Carefully surveilled and video recorded by numerous police officers around, hundreds of women, queer people and allies marched from Mandi House to Jantar Mantar in New Delhi, unabashedly loud and defiant.



“I’m here to show the world that women and queer folks can lead and raise voices against fascism and patriarchy, because it impacts them the most,” Rituparna Bohra, 38, an LGBTQIA+ activist, said, adding she sees a strong link between fascism, toxic masculinity, and the patriarchy. “We don’t want men to tell us what is affecting us.”
Bohra, who identifies as lesbian, said many queer people face persecution in other countries because of their sexuality and gender. “There is too much emphasis on proving linkages to families.
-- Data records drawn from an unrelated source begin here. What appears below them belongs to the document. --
(* Let $\mathbb{N}_2=(\{0,1,2\},\oplus,0)$ be the monoid with $0\oplus x=x\oplus 0=x$ for all $x$ and $1\oplus1=1\oplus2=2\oplus1=2\oplus2=2$. The hypergraph $P_3$ with vertex set $\{A,B,C,D\}$ and hyperedges $\{A,B\},\{B,C\},\{C,D\}$ does not have the local-to-global consistency property for $\mathbb{N}_2$-relations.
   Context: $\mathbb{N}_2$ is a positive commutative monoid (positive: $p\oplus q=0$ implies $p=q=0$). Attributes have domains; for a finite attribute set $X$, an $X$-tuple assigns each $A\in X$ a value in its domain; $t[Y]$ is restriction. A $\mathbb{K}$-relation over $X$ is a finitely supported function $R$ from $X$-tuples to the monoid's universe; marginals are $R[Y](t)=\sum_{r: R(r)\neq 0,\, r[Y]=t}R(r)$. A hypergraph with hyperedges $X_1,\dots,X_m$ (vertices as attributes) has the local-to-global consistency property for $\mathbb{K}$-relations if every collection $R_1(X_1),\dots,R_m(X_m)$ that is pairwise consistent (for all $i,j$ some $W$ over $X_i\cup X_j$ has $W[X_i]=R_i$, $W[X_j]=R_j$) is globally consistent (some $W$ over $X_1\cup\dots\cup X_m$ has $W[X_i]=R_i$ for all $i$). *)

From mathcomp Require Import all_boot.
Set Implicit Arguments. Unset Strict Implicit. Unset Printing Implicit Defensive.

Definition N2 := 'I_3.
Definition n2zero : N2 := ord0.
Definition n2two : N2 := inord 2.
Definition n2add (x y : N2) : N2 :=
  if x == n2zero then y else if y == n2zero then x else n2two.

(* All attributes range over a common domain V.  A tuple is
   encoded as a finite function Att -> option V; it is an X-tuple when it is
   defined exactly on X. *)
Section Rel.
Variables (Att : finType) (V : eqType).

Definition tup := {ffun Att -> option V}.

Definition is_tuple (X : {set Att}) (t : tup) : Prop :=
  forall a, (a \in X) = isSome (t a).

Definition restr (Y : {set Att}) (t : tup) : tup :=
  [ffun a => if a \in Y then t a else None].

Record Krel (X : {set Att}) := {
  kfun : tup -> N2;
  ksupp : seq tup;
  ksupp_ok : forall r, kfun r != n2zero -> r \in ksupp;
  ktuple_ok : forall r, kfun r != n2zero -> is_tuple X r
}.

Definition marg (X : {set Att}) (R : Krel X) (Y : {set Att}) (t : tup) : N2 :=
  \big[n2add/n2zero]_(r <- undup (ksupp R) | (kfun R r != n2zero) && (restr Y r == t))
     kfun R r.

End Rel.

(* A hypergraph on vertex set Att with hyperedges E 0, ..., E (m-1). *)
Definition pairwise_consistent (Att : finType) (V : eqType) (m : nat)
    (E : 'I_m -> {set Att}) (R : forall i, Krel V (E i)) : Prop :=
  forall i j : 'I_m, exists W : Krel V (E i :|: E j),
    (forall t, marg W (E i) t = kfun (R i) t) /\
    (forall t, marg W (E j) t = kfun (R j) t).

Definition globally_consistent (Att : finType) (V : eqType) (m : nat)
    (E : 'I_m -> {set Att}) (R : forall i, Krel V (E i)) : Prop :=
  exists W : Krel V (\bigcup_(i < m) E i),
    forall i : 'I_m, forall t, marg W (E i) t = kfun (R i) t.

Definition local_to_global (Att : finType) (m : nat) (E : 'I_m -> {set Att}) : Prop :=
  forall (V : eqType) (R : forall i, Krel V (E i)),
    pairwise_consistent R -> globally_consistent R.

(* vertices A,B,C,D = 0,1,2,3 in 'I_4; hyperedges {A,B},{B,C},{C,D} *)
Definition P3_edges (i : 'I_3) : {set 'I_4} := [set inord i; inord i.+1].

From mathcomp Require Import all_boot.

Set Implicit Arguments. Unset Strict Implicit. Unset Printing Implicit Defensive.

(* Take R(A,B) = {(a, a/3) : a < 6} and R(C,D) = {(d/3, d) : d < 6}, all with
   weight 1, and R(B,C) = {(0,0) |-> 2, (0,1) |-> 1, (1,1) |-> 2}.  Since
   1 (+) 1 = 2 the three relations are pairwise consistent.  In a global witness
   W, every tuple of the support projects into the supports of the R_i, and a
   projection of weight 1 has exactly one preimage in the support.  Hence B = 0
   in exactly 3 support tuples (from R(A,B)), C = 0 in exactly 3 (from R(C,D)),
   and (B,C) = (0,1) in exactly one; as (1,0) is not in the support of R(B,C),
   C = 0 forces B = 0.  So B = 0 in at least 3 + 1 tuples: a contradiction. *)

Definition n2one : N2 := Ordinal (isT : 1 < 3).

(* [n2two] is [inord 2], which does not reduce under computation; [n2two'] and
   [n2add'] are reducing copies. *)
Definition n2two' : N2 := Ordinal (isT : 2 < 3).

Lemma n2twoE : n2two = n2two'.
Proof. by apply: val_inj; rewrite /= inordK. Qed.

Definition n2add' (x y : N2) : N2 :=
  if x == n2zero then y else if y == n2zero then x else n2two'.

Lemma n2addE x y : n2add x y = n2add' x y.
Proof. by rewrite /n2add n2twoE. Qed.

Lemma foldr_n2add' (l : seq N2) : foldr n2add' n2zero l = \big[n2add/n2zero]_(x <- l) x.
Proof. by elim: l => [|x l IH]; rewrite ?big_nil // big_cons -IH n2addE. Qed.

Lemma big_n2add_nz (I : Type) (l : seq I) (F : I -> N2) :
  all (fun x => F x != n2zero) l ->
  \big[n2add/n2zero]_(x <- l) F x =
    if l is x :: l' then (if l' is [::] then F x else n2two) else n2zero.
Proof.
elim: l => [|x l IH]; rewrite ?big_nil // big_cons => /andP [/negbTE Fx0 Fl0].
rewrite IH // /n2add Fx0; case: l Fl0 {IH} => [|y l] //= /andP [/negbTE Fy0 _].
by case: l; rewrite ?Fy0 // n2twoE.
Qed.

Section Marginals.
Variables (Att : finType) (V : eqType).
Implicit Types (X Y : {set Att}) (t r : tup Att V).

Definition supp X (W : Krel V X) := [seq r <- undup (ksupp W) | kfun W r != n2zero].

Lemma mem_supp X (W : Krel V X) r : (r \in supp W) = (kfun W r != n2zero).
Proof. by rewrite mem_filter mem_undup; apply: andb_idr => /ksupp_ok. Qed.

Lemma supp_uniq X (W : Krel V X) : uniq (supp W).
Proof. exact/filter_uniq/undup_uniq. Qed.

Lemma marg_supp X (W : Krel V X) Y t :
  marg W Y t = \big[n2add/n2zero]_(r <- [seq r <- supp W | restr Y r == t]) kfun W r.
Proof. by rewrite big_filter big_filter_cond. Qed.

Lemma supp_nz X (W : Krel V X) (P : pred (tup Att V)) :
  all (fun r => kfun W r != n2zero) [seq r <- supp W | P r].
Proof. by apply/allP => r; rewrite mem_filter mem_supp => /andP []. Qed.

Lemma restr_tuple X r : is_tuple X r -> restr X r = r.
Proof. by move=> Xr; apply/ffunP => a; rewrite ffunE Xr; case: (r a). Qed.

Lemma marg_self X (R : Krel V X) t : marg R X t = kfun R t.
Proof.
have restrE : {in supp R, forall r, (restr X r == t) = (r == t)}.
  by move=> r; rewrite mem_supp => /ktuple_ok/restr_tuple ->.
rewrite marg_supp (eq_in_filter restrE) big_n2add_nz; last exact: supp_nz.
case: (boolP (t \in supp R)) => [t_supp | t_supp'].
  by rewrite filter_pred1_uniq ?supp_uniq.
rewrite (@eq_in_filter _ _ pred0) ?filter_pred0.
  by move: t_supp'; rewrite mem_supp negbK => /eqP.
by move=> r r_supp /=; apply: contraNF t_supp' => /eqP <-.
Qed.

Lemma marg_restr_neq0 X (W : Krel V X) Y r :
  r \in supp W -> marg W Y (restr Y r) != n2zero.
Proof.
move=> r_supp; rewrite marg_supp big_n2add_nz ?supp_nz //.
have : r \in [seq s <- supp W | restr Y s == restr Y r] by rewrite mem_filter eqxx.
have := supp_nz W (fun s => restr Y s == restr Y r).
by case: [seq _ <- _ | _] => [|x [|y l]] //= /andP [] //; rewrite n2twoE.
Qed.

Lemma count_restr_marg1 X (W : Krel V X) Y t :
  marg W Y t = n2one -> count (fun r => restr Y r == t) (supp W) = 1.
Proof.
rewrite marg_supp big_n2add_nz ?supp_nz // -size_filter.
by case: [seq _ <- _ | _] => [|x [|y l]] // /(congr1 val); rewrite ?n2twoE.
Qed.

End Marginals.

Lemma pairwise_consistent_lt (Att : finType) (V : eqType) (m : nat)
    (E : 'I_m -> {set Att}) (R : forall i, Krel V (E i)) :
  (forall i j : 'I_m, i < j -> exists W : Krel V (E i :|: E j),
     (forall t, marg W (E i) t = kfun (R i) t) /\
     (forall t, marg W (E j) t = kfun (R j) t)) ->
  pairwise_consistent R.
Proof.
move=> consistent_lt i j; case: (ltngtP i j) => [/consistent_lt // | | /val_inj ij].
  by move=> /consistent_lt [W [Wj Wi]]; rewrite setUC; exists W.
by subst j; rewrite setUid; exists (R i); split=> t; apply: marg_self.
Qed.

Lemma count_mem_keys (T U : eqType) (s : seq T) (f : T -> U) (ks : seq U) :
  uniq ks -> {in ks, forall k, count (fun x => f x == k) s = 1} ->
  count (fun x => f x \in ks) s = size ks.
Proof.
elim: ks => [|k ks IH] /=; first by rewrite count_pred0.
case/andP=> k_ks ks_uniq one_k; rewrite -IH // => [|l l_ks]; last first.
  by apply: one_k; rewrite inE l_ks orbT.
rewrite -add1n -(one_k k (mem_head _ _)) -count_predUI.
rewrite (@eq_count _ (predI _ _) pred0) ?count_pred0 ?addn0 => [|x /=].
  by apply: eq_count => x; rewrite inE.
by apply/andP=> -[/eqP -> ]; apply/negP.
Qed.

Lemma count_add_le (T : Type) (s : seq T) (p q u : pred T) :
  subpred q p -> subpred u p -> (forall x, q x -> ~~ u x) ->
  count q s + count u s <= count p s.
Proof.
move=> qp up qu; rewrite -count_predUI (@eq_count _ (predI q u) pred0) => [|x /=].
  by rewrite count_pred0 addn0; apply: sub_count => x /orP [/qp | /up].
by apply/andP=> -[/qu/negP].
Qed.

Definition A : 'I_4 := Ordinal (isT : 0 < 4).
Definition B : 'I_4 := Ordinal (isT : 1 < 4).
Definition C : 'I_4 := Ordinal (isT : 2 < 4).
Definition D : 'I_4 := Ordinal (isT : 3 < 4).

Lemma ord4_ind (P : 'I_4 -> Prop) : P A -> P B -> P C -> P D -> forall a, P a.
Proof.
move=> PA PB PC PD [[|[|[|[|n]]]] lt_n4] //.
all: by rewrite (bool_irrelevance lt_n4 isT).
Qed.

Definition quad (T : Type) := (T * T * T * T)%type.

Definition qseq T (q : quad T) : seq T := [:: q.1.1.1; q.1.1.2; q.1.2; q.2].

Definition qmap S T (f : S -> T) (q : quad S) : quad T :=
  (f q.1.1.1, f q.1.1.2, f q.1.2, f q.2).

Definition qzip S T U (f : S -> T -> U) (p : quad S) (q : quad T) : quad U :=
  (f p.1.1.1 q.1.1.1, f p.1.1.2 q.1.1.2, f p.1.2 q.1.2, f p.2 q.2).

(* Finite functions and finset membership do not reduce under computation, so
   concrete tuples over A, B, C, D are handled through their quadruple codes;
   [crestr] is restriction on codes. *)
Notation tuple4 := (tup 'I_4 nat).
Notation row := (quad (option nat)).

Definition code (t : tuple4) : row := (t A, t B, t C, t D).
Definition decode (q : row) : tuple4 :=
  [ffun a : 'I_4 => nth None (qseq q) a].

Lemma code_decodeK : cancel decode code.
Proof. by case=> [[[a b] c] d]; rewrite /code !ffunE. Qed.

Lemma decode_codeK : cancel code decode.
Proof. by move=> t; apply/ffunP; apply: ord4_ind; rewrite ffunE. Qed.

Lemma code_inj : injective code.
Proof. exact: can_inj decode_codeK. Qed.

Definition qmask := quad bool.

Definition mask_at (m : qmask) (a : 'I_4) : bool := nth false (qseq m) a.

Definition is_mask (m : qmask) (X : {set 'I_4}) := forall a, (a \in X) = mask_at m a.

Definition crestr (m : qmask) : row -> row :=
  qzip (fun (b : bool) x => if b then x else None) m.

Lemma code_restr X m t : is_mask m X -> code (restr X t) = crestr m (code t).
Proof. by move=> Xm; rewrite /code !ffunE !Xm. Qed.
We can make our own families. Can’t I prove my partner is my family?”


Philomena John, 78, a member of the National Federation of Indian Women, stressed on the unity of the Indian people. “There is no cause for discrimination amongst people — not on the basis of religion, gender or sexuality,” John said. “We are not going to listen to anyone. We will fight; we will win.”



“I kept this sign because this is the story of so many women, queer and trans people. If women go for inter-caste or inter-faith marriages, or if they’re queer, their family relationships are most likely destroyed; they don’t have access to their documents required to prove their citizenship,” Krishnan said. “It’s the biggest example that the NRC-CAA is against every citizen of the country, ever vulnerable section of Indian society. The government is openly talking against Muslim minorities, and pretending to be friends of everyone else — but that is false.”